-- DATA TO PROCESS follows --

Lemma kl2r_dual_le_KL p q S (x y A B : R) : is_density mu p -> is_density mu q ->
  abs_cont mu p q -> measurable S -> prob_of mu p S = x%:E -> prob_of mu q S = y%:E ->
  (0 < A)%R -> (0 < B)%R -> (kl2r_dual A B x y)%:E <= KL mu p q.
Proof.
move=> hp hq hac mS pS qS A0 B0; have [mp p0 _] := hp; have [mq q0 _] := hq.
pose g z := (p z * (if z \in S then ln A + 1 else ln B + 1)
             + q z * (if z \in S then - A else - B))%R.
have mg : measurable_fun setT g.
  by apply: measurable_funD; apply: measurable_funM => //; exact: measurable_fun_if_mem.
have mf := measurable_mul_ln_div mp mq p0 q0.
have -> : (kl2r_dual A B x y)%:E = \int[mu]_z (g z)%:E.
  rewrite integral_mul_if2 //; try exact: density_integrable.
  rewrite -!/(prob_of _ _ _) pS qS (prob_of_setC hp mS pS) (prob_of_setC hq mS qS).
  by rewrite -!EFinM -!EFinD; congr EFin; rewrite /kl2r_dual; ring.
rewrite /KL asboolT // (integral_support (C := `|ln A + 1| + `|ln B + 1|)%R hp hq hac) //.
  rewrite [leRHS](integral_support (C := 0%R) hp hq hac) //.
    apply: le_integral_measurable => //; first exact: measurable_ltr_set.
    - exact: measurable_funS mf.
    - exact: measurable_funS mg.
    move=> z /= qz; rewrite /g.
    by case: ifP => _; rewrite mulrN [(p z * _)%R]mulrC [(q z * _)%R]mulrC le_mul_ln_div.
  move=> z qz; have -> : q z = 0%R by apply/eqP; rewrite eq_le qz q0.
  by rewrite invr0 mulr0 ln0 // mulr0 normr0 mul0r.
move=> z qz; rewrite /g; have -> : q z = 0%R by apply/eqP; rewrite eq_le qz q0.
rewrite mul0r addr0 normrM ger0_norm // mulrC ler_wpM2r //.
by case: ifP => _; rewrite ?lerDl ?lerDr.
Qed.
End divergence_bounds.

Section balance.
Context d (T : measurableType d) (R : realType) (mu : {measure set T -> \bar R}).
Variable q : T -> R.
Hypothesis hq : is_density mu q.

Lemma rangeQ_setC x : rangeQ mu q x -> rangeQ mu q (1 - x).
Proof. by move=> [A [mA qA]]; exists (~` A); split; [exact: measurableC|exact: prob_of_setC]. Qed.

Lemma rangeQ1 : rangeQ mu q 1.
Proof. by exists setT; split => //; case: hq. Qed.

Let balance_set := [set x | rangeQ mu q x /\ 1 / 2 <= x].

Let balance_set_lbound : has_lbound balance_set.
Proof. by exists (1 / 2) => x []. Qed.

Lemma balance_le x : rangeQ mu q x -> 1 / 2 <= x -> balance mu q <= x.
Proof. by move=> qx x2; exact: (ge_inf balance_set_lbound (conj qx x2)). Qed.

Lemma balance_le1 : balance mu q <= 1.
Proof. by apply: balance_le rangeQ1 _; lra. Qed.

Lemma rangeQ_balance x : rangeQ mu q x -> balance mu q <= x \/ x <= 1 - balance mu q.
Proof.
move=> qx; have [x2|x2] := lerP (1 / 2) x; first by left; exact: balance_le.
by right; have := balance_le (rangeQ_setC qx) (_ : 1 / 2 <= 1 - x); lra.
Qed.

Lemma rangeQ_near_balance e : 0 < e ->
  exists x, [/\ rangeQ mu q x, balance mu q <= x & x < balance mu q + e].
Proof.
move=> e0; have : inf balance_set < balance mu q + e by rewrite ltrDl.
move=> /(inf_lt (ex_intro _ 1 (conj rangeQ1 _))) [|x [qx x2] xe]; first lra.
by exists x; split => //; exact: balance_le.
Qed.
End balance.

Section Dstar_bounds.
Context d (T : measurableType d) (R : realType) (mu : {measure set T -> \bar R}).
Variable q : T -> R.
Hypothesis hq : is_density mu q.
Local Notation b := (balance mu q).

Lemma Dstar_le_kl2r v : 0 < v -> v / 2 < b < 1 ->
  (Dstar mu v q <= (kl2r (b - v / 2) b)%:E)%E.
Proof.
move=> v0 /andP[sb b1]; set s := v / 2 in sb *; have s0 : 0 < s by rewrite divr_gt0.
have Dy y : rangeQ mu q y -> b <= y < 1 -> (Dstar mu v q <= (kl2r (y - s) y)%:E)%E.
  move=> [A [mA qA]] /andP[yb y1].
  have sy : 0 < s < y by apply/andP; split; lra.
  have [p [hp hV hK]] := two_level_density hq mA qA sy y1.
  by apply: ereal_inf_lbound; exists p; split => //; rewrite hV /s mulrC divfK.
have ck : {for b, continuous (fun y => kl2r (y - s) y)}.
  apply: continuous_kl2r; [apply: cvgB; [exact: cvg_id|exact: cvg_cst]|exact: cvg_id| |].
  1,2: by apply/andP; split; lra.
apply/lee_addgt0Pr => e e0.
have /cvgrPdist_lt/(_ e e0)/nbhs_normP[δ /= δ0 hδ] := ck.
have m0 : 0 < Num.min δ (1 - b) by rewrite lt_min δ0 subr_gt0.
have [y [qy yb ym]] := rangeQ_near_balance hq m0.
have /andP[mδ m1] : (Num.min δ (1 - b) <= δ) && (Num.min δ (1 - b) <= 1 - b).
  by rewrite -le_min.
apply: le_trans (Dy y qy _) _; first by apply/andP; split; lra.
rewrite -EFinD lee_fin -lerBlDl; apply: le_trans (ler_norm _) _; rewrite distrC ltW //.
by apply: hδ; rewrite /ball_ /= distrC ger0_norm ?subr_ge0 //; lra.
Qed.

Lemma kl2r_le_Dstar v : 0 < v -> 1 / 2 < b < 1 -> v / 2 < 2 * b - 1 ->
  ((kl2r (b - v / 2) b)%:E <= Dstar mu v q)%E.
Proof.
move=> v0 /andP[b2 b1] sb; set s := v / 2 in sb *; have s0 : 0 < s by rewrite divr_gt0.
apply: le_ereal_inf_tmp => _ [p [hp hv <-]].
have [hac|nac] := pselect (abs_cont mu p q); last by rewrite /KL asboolF // leey.
have [mp _ _] := hp; have [mq _ _] := hq.
have mS : measurable (scheffe_set p q) by exact: measurable_ltr_set.
have [x [pS /andP[_ x1]]] := prob_of_real hp mS.
have [y [qS _]] := prob_of_real hq mS.
have sxy : s <= x - y by move: hv; rewrite (Vdist_scheffe hp hq pS qS) lee_fin /s; lra.
have dual := kl2r_dual_le_KL hp hq hac mS pS qS.
have [yb|yb] := rangeQ_balance hq (ex_intro _ _ (conj mS qS)).
  (* The corner (b + s, b) may lie on the boundary b + s = 1, hence t < s. *)
  apply: (@le_left_continuous _ (fun t => kl2r (b - t) b) _ _ s0).
    apply: continuous_kl2r; [apply: cvgB; [exact: cvg_cst|exact: cvg_id]|exact: cvg_cst| |].
    1,2: by apply/andP; split; lra.
  move=> t /andP[t0 ts].
  apply: le_trans (dual ((b + t) / b) ((1 - (b + t)) / (1 - b)) _ _); last 2 first.
  - by rewrite divr_gt0 //; lra.
  - by rewrite divr_gt0 //; lra.
  rewrite lee_fin (le_trans (kl2r_sub_le_add _ _)) //; first lra.
    by apply/andP; split; lra.
  by apply: kl2r_le_dual_above => //; try (apply/andP; split); lra.
rewrite -kl2rC; apply: le_trans
  (dual ((1 - (b - s)) / (1 - b)) ((1 - (1 - (b - s))) / (1 - (1 - b))) _ _); last 2 first.
- by rewrite divr_gt0 //; lra.
- by rewrite divr_gt0 //; lra.
by rewrite lee_fin; apply: kl2r_le_dual_below; try (apply/andP; split); lra.
Qed.

Lemma Dstar_balance1 v : 0 < v -> b = 1 -> Dstar mu v q = +oo%E.
Proof.
move=> v0 b1; apply/eqP; rewrite eq_le leey /=.
apply: le_ereal_inf_tmp => _ [p [hp hv <-]].
have [hac|nac] := pselect (abs_cont mu p q); last by rewrite /KL asboolF.
exfalso; have [mp _ _] := hp; have [mq _ _] := hq.
have mS : measurable (scheffe_set p q) by exact: measurable_ltr_set.
have [x [pS /andP[_ x1]]] := prob_of_real hp mS.
have [y [qS /andP[y0 _]]] := prob_of_real hq mS.
have yx : y < x by move: hv; rewrite (Vdist_scheffe hp hq pS qS) lee_fin; lra.
have [yb|yb] := rangeQ_balance hq (ex_intro _ _ (conj mS qS)); rewrite b1 in yb; first lra.
have : prob_of mu p (scheffe_set p q) = 0%E by apply: hac; rewrite // qS; congr EFin; lra.
by rewrite pS => -[x0]; lra.
Qed.
End Dstar_bounds.

Theorem theorem1 (d : measure_display) (T : measurableType d) (R : realType)
  (mu : {measure set T -> \bar R}) (Hmu : sigma_finite setT mu)
  (q : T -> R) (Hq : is_density mu q)
  (Hbeta : 1 / 2 < balance mu q)
  (v : R) (Hv0 : 0 < v) (Hv1 : v < 4 * (balance mu q - 1 / 2)) :
  Dstar mu v q = KL2 (balance mu q - v / 2) (balance mu q).
Proof.
have b1 := balance_le1 Hq; set b := balance mu q in Hbeta Hv1 b1 *.
have [b_1|bn1] := eqVneq b 1.
  by rewrite (Dstar_balance1 Hq Hv0 b_1) b_1 KL2_1 // gtrBl divr_gt0.
have {}b1 : b < 1 by rewrite lt_neqAle bn1 b1.
rewrite KL2_kl2r; try by apply/andP; split; lra.
apply/le_anti/andP; split.
  by apply: Dstar_le_kl2r => //; apply/andP; split; lra.
by apply: kl2r_le_Dstar => //; [apply/andP; split | ]; lra.
Qed.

-- DATA TO PROCESS concluded --

> _EXERCISE_: Ending with the line containing "rewrite -!/(prob_of _", please print exactly the lines of the material above from its first line onward, and nothing else.

> _TASK OUTPUT_:
Lemma kl2r_dual_le_KL p q S (x y A B : R) : is_density mu p -> is_density mu q ->
  abs_cont mu p q -> measurable S -> prob_of mu p S = x%:E -> prob_of mu q S = y%:E ->
  (0 < A)%R -> (0 < B)%R -> (kl2r_dual A B x y)%:E <= KL mu p q.
Proof.
move=> hp hq hac mS pS qS A0 B0; have [mp p0 _] := hp; have [mq q0 _] := hq.
pose g z := (p z * (if z \in S then ln A + 1 else ln B + 1)
             + q z * (if z \in S then - A else - B))%R.
have mg : measurable_fun setT g.
  by apply: measurable_funD; apply: measurable_funM => //; exact: measurable_fun_if_mem.
have mf := measurable_mul_ln_div mp mq p0 q0.
have -> : (kl2r_dual A B x y)%:E = \int[mu]_z (g z)%:E.
  rewrite integral_mul_if2 //; try exact: density_integrable.
  rewrite -!/(prob_of _ _ _) pS qS (prob_of_setC hp mS pS) (prob_of_setC hq mS qS).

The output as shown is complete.